Submitted to: Journal of Plant Physiology
Publication Type: Peer Reviewed Journal
Publication Acceptance Date: 9/5/1997
Publication Date: N/A
Citation: N/A Interpretive Summary: Because soybean is an important agronomic crop in the United States, research is carried out by USDA-ARS to improve seed quality. A persistent problem has been that soybean proteins have an inferior nutritional quality due to suboptimal amounts of essential sulfur amino acids. Despite extensive research, conventional plant breeding approaches have been unable eto improve soybean nutritional quality and attention has now focused on biotechnological approaches. Successful application of a biotechnological approach requires detailed knowledge about the structure of the molecules targeted for modification and the mechanisms involved in the synthesis and assembly of those molecules. To facilitate the study of glycinin, the most prevalent protein in most soybeans, a procedure has been developed to synthesize glycinin subunits in a cell free system and assemble them into trimer complexes like those found in the seed. The research described in this paper discriminate between a source of chemical energy that is required for synthesis of glycinin subunits, and one causes the molecule to fold into a conformation required for assembly of trimers. The energy requirement, together with the demonstration that certain chemicals inhibit this process, implicate molecular chaperones as a catalyst required in the folding process.

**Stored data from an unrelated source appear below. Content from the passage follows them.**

(* Let $G$ be a group and $S$ a conjugation invariant generating set of $G$. Suppose $G$ has $m$ linearly independent homogeneous quasi-morphisms each of which is bounded on $S$. Then there is a quasi-isometric embedding of $\mathbb{Z}^m$ into the quotient graph $\mathrm{Cay}(G,S)/\mathrm{Inn}(G)$.
   Context: A quasi-morphism is a function $q:G\to\mathbb{R}$ with $\sup_{g,h}|q(gh)-q(g)-q(h)|<\infty$; it is homogeneous if $q(g^k)=kq(g)$ for all $g$ and $k\in\mathbb Z$. $\mathrm{Cay}(G,S)$ is the graph with vertex set $G$ and an undirected edge between $g$ and $sg$ for $g\in G$, $s\in S$. Since $S$ is conjugation invariant, $G$ acts on $\mathrm{Cay}(G,S)$ by graph automorphisms via conjugation $g\mapsto kgk^{-1}$. The quotient graph $\mathrm{Cay}(G,S)/\mathrm{Inn}(G)$ has as vertices the conjugacy classes of $G$, two classes being joined by an edge iff they have representatives joined by an edge in $\mathrm{Cay}(G,S)$; it carries the path metric with edges of length $1$. $\mathbb Z^m$ carries the $\ell^1$ metric. *)

From mathcomp Require Import all_boot all_order all_algebra.
From mathcomp Require Import Rstruct.
Set Implicit Arguments. Unset Strict Implicit. Unset Printing Implicit Defensive.
Import Order.TTheory GRing.Theory Num.Theory.
Local Open Scope ring_scope.

Notation R := Rdefinitions.R.

Record group_axioms (G : Type) (mul : G -> G -> G) (inv : G -> G) (e : G) : Prop :=
  { gassoc : forall x y z, mul x (mul y z) = mul (mul x y) z;
    gid_l  : forall x, mul e x = x;
    ginv_l : forall x, mul (inv x) x = e }.

Section GroupDefs.
Variables (G : Type) (mul : G -> G -> G) (inv : G -> G) (e : G).

Definition gpow (g : G) (k : int) : G :=
  match k with
  | Posz n => iter n (mul g) e
  | Negz n => iter n.+1 (mul (inv g)) e
  end.

Definition conj_invariant (S : G -> Prop) : Prop :=
  forall s k, S s -> S (mul (mul k s) (inv k)).

Inductive generated (S : G -> Prop) : G -> Prop :=
  | gen_e : generated S e
  | gen_l : forall s g, S s -> generated S g -> generated S (mul s g)
  | gen_li : forall s g, S s -> generated S g -> generated S (mul (inv s) g).

Definition generating_set (S : G -> Prop) : Prop := forall g, generated S g.

Definition quasi_morphism (q : G -> R) : Prop :=
  exists D : R, forall g h, `|q (mul g h) - q g - q h| <= D.

Definition homogeneous (q : G -> R) : Prop :=
  forall g (k : int), q (gpow g k) = k%:~R * q g.

Definition bounded_on (S : G -> Prop) (q : G -> R) : Prop :=
  exists B : R, forall s, S s -> `|q s| <= B.

Definition lin_indep (m : nat) (q : 'I_m -> G -> R) : Prop :=
  forall c : 'I_m -> R, (forall g, \sum_(i < m) c i * q i g = 0) -> forall i, c i = 0.

Definition conj_class (g : G) : G -> Prop :=
  fun x => exists k, x = mul (mul k g) (inv k).

(* vertices of Cay(G,S)/Inn(G): the conjugacy classes of G *)
Definition cvertex : Type := { P : G -> Prop | exists g, P = conj_class g }.

(* edge of the quotient graph: representatives joined by an edge g -- s g of Cay(G,S) *)
Definition cedge (S : G -> Prop) (P Q : cvertex) : Prop :=
  exists g h s, proj1_sig P g /\ proj1_sig Q h /\ S s /\
                (h = mul s g \/ g = mul s h).

Inductive cwalk (S : G -> Prop) : cvertex -> cvertex -> nat -> Prop :=
  | cwalk0 : forall P, cwalk S P P 0
  | cwalkS : forall P Q T n, cedge S P Q -> cwalk S Q T n -> cwalk S P T n.+1.

Definition dZ (m : nat) (x y : 'I_m -> int) : R :=
  \sum_(i < m) `|x i - y i|%:~R.

(* The path-metric distance
   d(P,Q) = min length of a walk from P to Q is expressed through walks:
   "d >= a"  <->  every walk has length >= a,
   "d <= b"  <->  some walk has length <= b. *)
Definition qi_embedding (S : G -> Prop) (m : nat) (f : ('I_m -> int) -> cvertex) : Prop :=
  exists K C : R, 1 <= K /\ 0 <= C /\
    forall x y,
      (forall n, cwalk S (f x) (f y) n -> dZ x y / K - C <= n%:R) /\
      (exists n, cwalk S (f x) (f y) n /\ n%:R <= K * dZ x y + C).

End GroupDefs.

From mathcomp Require Import all_boot all_order all_algebra.
From mathcomp Require Import Rstruct.
From mathcomp Require Import zify ring lra.
From Stdlib Require Import FunctionalExtensionality PropExtensionality ProofIrrelevance.
From Stdlib Require Import Classical IndefiniteDescription.
Set Implicit Arguments. Unset Strict Implicit. Unset Printing Implicit Defensive.
Import Order.TTheory GRing.Theory Num.Theory.
Local Open Scope ring_scope.

(** Choose g_1, ..., g_m with the matrix (q_i(g_j)) invertible, which linear
   independence allows, and send x in Z^m to the conjugacy class of
   g_1^x_1 ... g_m^x_m.  Each g_j is a word in S, and the class of a product
   is invariant under cyclic rotation of the factors, so changing one
   coordinate x_j by one moves the image a bounded distance: the map is
   Lipschitz.  Conversely, homogeneous quasi-morphisms are conjugation
   invariant, so each q_i is a function on vertices that changes by a bounded
   amount along every edge; since q_i of the image of x is (x A)_i up to a
   bounded error, inverting A bounds |x - y|_1 linearly by the distance of
   the images. *)

Section Group.
Variables (G : Type) (mul : G -> G -> G) (inv : G -> G) (e : G).
Hypothesis HG : group_axioms mul inv e.

Local Notation gpow := (gpow mul inv e).

Lemma gmulA x y z : mul x (mul y z) = mul (mul x y) z.
Proof. exact: gassoc HG x y z. Qed.

Lemma gmul1l x : mul e x = x.
Proof. exact: gid_l HG x. Qed.

Lemma gmulVl x : mul (inv x) x = e.
Proof. exact: ginv_l HG x. Qed.

Lemma gmulI x y z : mul x y = mul x z -> y = z.
Proof.
by move=> E; rewrite -(gmul1l y) -(gmulVl x) -gmulA E gmulA gmulVl gmul1l.
Qed.

Lemma gmulVr x : mul x (inv x) = e.
Proof.
have idem : mul (mul x (inv x)) (mul x (inv x)) = mul x (inv x).
  by rewrite -gmulA (gmulA (inv x)) gmulVl gmul1l.
by rewrite -(gmulVl (mul x (inv x))) -{3}idem gmulA gmulVl gmul1l.
Qed.

Lemma gmul1r x : mul x e = x.
Proof. by rewrite -(gmulVl x) gmulA gmulVr gmul1l. Qed.

Lemma ginvK x : inv (inv x) = x.
Proof. by rewrite -(gmul1r (inv (inv x))) -(gmulVl x) gmulA gmulVl gmul1l. Qed.

Lemma ginv1 : inv e = e.
Proof. by rewrite -{2}(gmulVl e) gmul1r. Qed.

Lemma ginvM a b : inv (mul a b) = mul (inv b) (inv a).
Proof.
apply: (@gmulI (mul a b)).
by rewrite gmulVr -gmulA (gmulA b) gmulVr gmul1l gmulVr.
Qed.

Lemma gpowSl g (k : int) : gpow g (k + 1) = mul g (gpow g k).
Proof.
case: k => [n|[|n]]; first by rewrite -PoszD addn1.
  by rewrite /= gmul1r gmulVr.
have -> : Negz n.+1 + 1 = Negz n by rewrite !NegzE; lia.
by rewrite /= gmulA gmulVr gmul1l.
Qed.

Lemma gpow0 g : gpow g 0 = e.
Proof. by []. Qed.

Lemma gpowN1 g : gpow g (-1) = inv g.
Proof. by rewrite /= gmul1r. Qed.

Lemma gpow_conj k g (n : nat) :
  gpow (mul (mul k g) (inv k)) n = mul (mul k (gpow g n)) (inv k).
Proof.
elim: n => [|n IH] /=; first by rewrite gmul1r gmulVr.
rewrite /= in IH; rewrite IH.
by rewrite -!gmulA (gmulA (inv k)) gmulVl gmul1l.
Qed.

Definition cls (g : G) : cvertex mul inv :=
  exist _ (conj_class mul inv g) (ex_intro _ g erefl).

Lemma cvertex_val_inj (P Q : cvertex mul inv) : proj1_sig P = proj1_sig Q -> P = Q.
Proof.
case: P Q => [P HP] [Q HQ] /= E; subst Q.
by rewrite (proof_irrelevance _ HP HQ).
Qed.

Lemma cls_conj k g : cls (mul (mul k g) (inv k)) = cls g.
Proof.
apply: cvertex_val_inj; apply: functional_extensionality => x /=.
apply: propositional_extensionality; split=> -[j ->].
  by exists (mul j k); rewrite ginvM !gmulA.
exists (mul j (inv k)); rewrite ginvM ginvK.
by rewrite -!gmulA (gmulA (inv k)) gmulVl gmul1l (gmulA (inv k)) gmulVl gmul1l.
Qed.

Lemma cls_mulC a c : cls (mul a c) = cls (mul c a).
Proof. by rewrite -(cls_conj c (mul a c)) -!gmulA gmulVr gmul1r. Qed.

Lemma mem_cls g : proj1_sig (cls g) g.
Proof. by exists e; rewrite gmul1l ginv1 gmul1r. Qed.

Lemma cvertex_nonempty (P : cvertex mul inv) : exists g, proj1_sig P g.
Proof. by case: P => P [g E]; exists g; rewrite /= E; exact: mem_cls. Qed.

Molecular chaperones are proteins that assist in the correct folding of other proteins. The information in this paper provides new insight about the pathway followed by seed proteins during their maturation and will be useful to scientists working to improve the quality of grain legumes.
Technical Abstract: Seed protein proglobulins were synthesized from cDNAs in reticulocyte lysates. Most proglobulins were recovered as trimers when translation rates were low, but primarily monomers were recovered at high translation. Prevalence of monomers was accompanied by elevated amounts of insoluble protein recovered at the bottom of sucrose density gradients. Apyrase treatment of translation mixtures after synthesis, but before significant assembly occurred, drastically reduced trimer assembly and increased the proportion of insoluble aggregate. These observations indicated ATP is required for protein folding and/or trimer assembly. The appearance of insoluble aggregated protein when rates of synthesis were elevated, or when ATP was absent, suggested that protein misfolding occurred. Trimer assembly was stimulated when wheat germ translation mixtures defective in supporting efficient trimer assembly were supplemented with fractions isolated from endoplasmic reticulum of developing pea seeds. Molecular chaperones are likely involved in folding and/or assembly of proglobulin trimers both in reticulocyte lysates and in seeds. Consistent with this hypothesis, trimer formation was reduced when carboxymethylated bovine albumin and alpha-casein, considered to mimic proteins with extended chain and molten-globular conformations and thereby compete for Hsp70 and Hsp60-type molecular chaperones, respectively, were introduced into translation mixtures.